> _Source material_:
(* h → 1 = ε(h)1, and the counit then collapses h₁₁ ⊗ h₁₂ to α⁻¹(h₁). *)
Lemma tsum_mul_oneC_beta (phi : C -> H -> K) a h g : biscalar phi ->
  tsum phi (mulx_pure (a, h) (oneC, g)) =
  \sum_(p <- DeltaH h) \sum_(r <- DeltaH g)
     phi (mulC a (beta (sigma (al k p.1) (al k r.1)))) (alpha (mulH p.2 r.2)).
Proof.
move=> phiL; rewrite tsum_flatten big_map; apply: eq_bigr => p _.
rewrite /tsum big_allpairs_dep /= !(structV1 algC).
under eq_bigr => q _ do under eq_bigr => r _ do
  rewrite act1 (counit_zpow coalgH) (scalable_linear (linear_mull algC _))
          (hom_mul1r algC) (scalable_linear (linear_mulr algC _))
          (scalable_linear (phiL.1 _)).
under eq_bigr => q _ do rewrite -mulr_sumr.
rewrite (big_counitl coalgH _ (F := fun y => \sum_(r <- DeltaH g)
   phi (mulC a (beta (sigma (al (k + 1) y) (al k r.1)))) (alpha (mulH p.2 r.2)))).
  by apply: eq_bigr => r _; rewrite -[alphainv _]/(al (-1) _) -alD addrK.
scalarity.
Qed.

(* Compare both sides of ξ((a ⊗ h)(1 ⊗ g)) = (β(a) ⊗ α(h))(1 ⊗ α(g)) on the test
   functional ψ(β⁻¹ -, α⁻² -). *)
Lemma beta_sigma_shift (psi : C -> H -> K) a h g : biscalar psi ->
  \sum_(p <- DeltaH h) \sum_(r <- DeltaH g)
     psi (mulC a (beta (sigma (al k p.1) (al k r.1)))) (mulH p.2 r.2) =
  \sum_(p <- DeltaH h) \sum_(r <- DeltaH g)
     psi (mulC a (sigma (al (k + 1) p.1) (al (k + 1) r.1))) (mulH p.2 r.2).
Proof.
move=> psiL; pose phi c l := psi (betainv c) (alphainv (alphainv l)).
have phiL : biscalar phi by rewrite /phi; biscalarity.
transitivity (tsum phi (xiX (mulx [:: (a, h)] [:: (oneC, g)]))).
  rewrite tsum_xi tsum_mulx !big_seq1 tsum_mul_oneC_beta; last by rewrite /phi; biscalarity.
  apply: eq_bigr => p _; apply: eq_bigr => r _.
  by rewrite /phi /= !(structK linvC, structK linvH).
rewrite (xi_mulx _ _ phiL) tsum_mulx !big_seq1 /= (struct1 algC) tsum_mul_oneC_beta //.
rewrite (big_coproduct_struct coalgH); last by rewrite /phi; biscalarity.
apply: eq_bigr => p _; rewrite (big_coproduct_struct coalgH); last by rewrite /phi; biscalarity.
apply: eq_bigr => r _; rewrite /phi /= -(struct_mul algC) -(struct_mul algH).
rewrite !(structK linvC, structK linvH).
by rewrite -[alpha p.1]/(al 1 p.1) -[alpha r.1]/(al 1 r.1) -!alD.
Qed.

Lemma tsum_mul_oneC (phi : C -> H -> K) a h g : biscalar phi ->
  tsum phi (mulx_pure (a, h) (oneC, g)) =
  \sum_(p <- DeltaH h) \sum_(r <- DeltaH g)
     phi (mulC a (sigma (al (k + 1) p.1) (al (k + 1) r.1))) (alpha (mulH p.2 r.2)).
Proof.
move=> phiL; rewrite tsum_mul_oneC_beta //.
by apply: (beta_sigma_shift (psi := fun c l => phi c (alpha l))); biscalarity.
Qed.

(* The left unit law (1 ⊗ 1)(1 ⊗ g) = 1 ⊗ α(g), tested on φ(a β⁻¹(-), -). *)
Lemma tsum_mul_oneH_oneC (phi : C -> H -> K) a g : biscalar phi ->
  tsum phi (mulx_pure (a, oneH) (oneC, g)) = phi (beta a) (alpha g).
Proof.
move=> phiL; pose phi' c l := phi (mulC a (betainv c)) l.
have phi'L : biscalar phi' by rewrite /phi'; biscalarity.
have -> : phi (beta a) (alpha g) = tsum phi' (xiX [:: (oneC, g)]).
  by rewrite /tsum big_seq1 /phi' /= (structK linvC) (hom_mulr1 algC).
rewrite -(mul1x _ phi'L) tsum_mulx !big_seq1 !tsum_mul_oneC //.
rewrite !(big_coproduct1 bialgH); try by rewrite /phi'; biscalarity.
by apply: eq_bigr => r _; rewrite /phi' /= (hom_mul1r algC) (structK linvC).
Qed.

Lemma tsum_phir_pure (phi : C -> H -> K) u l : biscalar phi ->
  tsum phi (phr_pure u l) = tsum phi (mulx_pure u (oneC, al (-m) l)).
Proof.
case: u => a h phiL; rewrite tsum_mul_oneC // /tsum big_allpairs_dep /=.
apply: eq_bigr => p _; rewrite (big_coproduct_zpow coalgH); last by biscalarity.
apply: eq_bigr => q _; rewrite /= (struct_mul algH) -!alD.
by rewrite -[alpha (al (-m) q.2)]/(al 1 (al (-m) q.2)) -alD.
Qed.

> _The problem_: For this exercise, return every line from the data that holds the string "alphainv".

> _Response to this exercise_:
  by apply: eq_bigr => r _; rewrite -[alphainv _]/(al (-1) _) -alD addrK.
move=> psiL; pose phi c l := psi (betainv c) (alphainv (alphainv l)).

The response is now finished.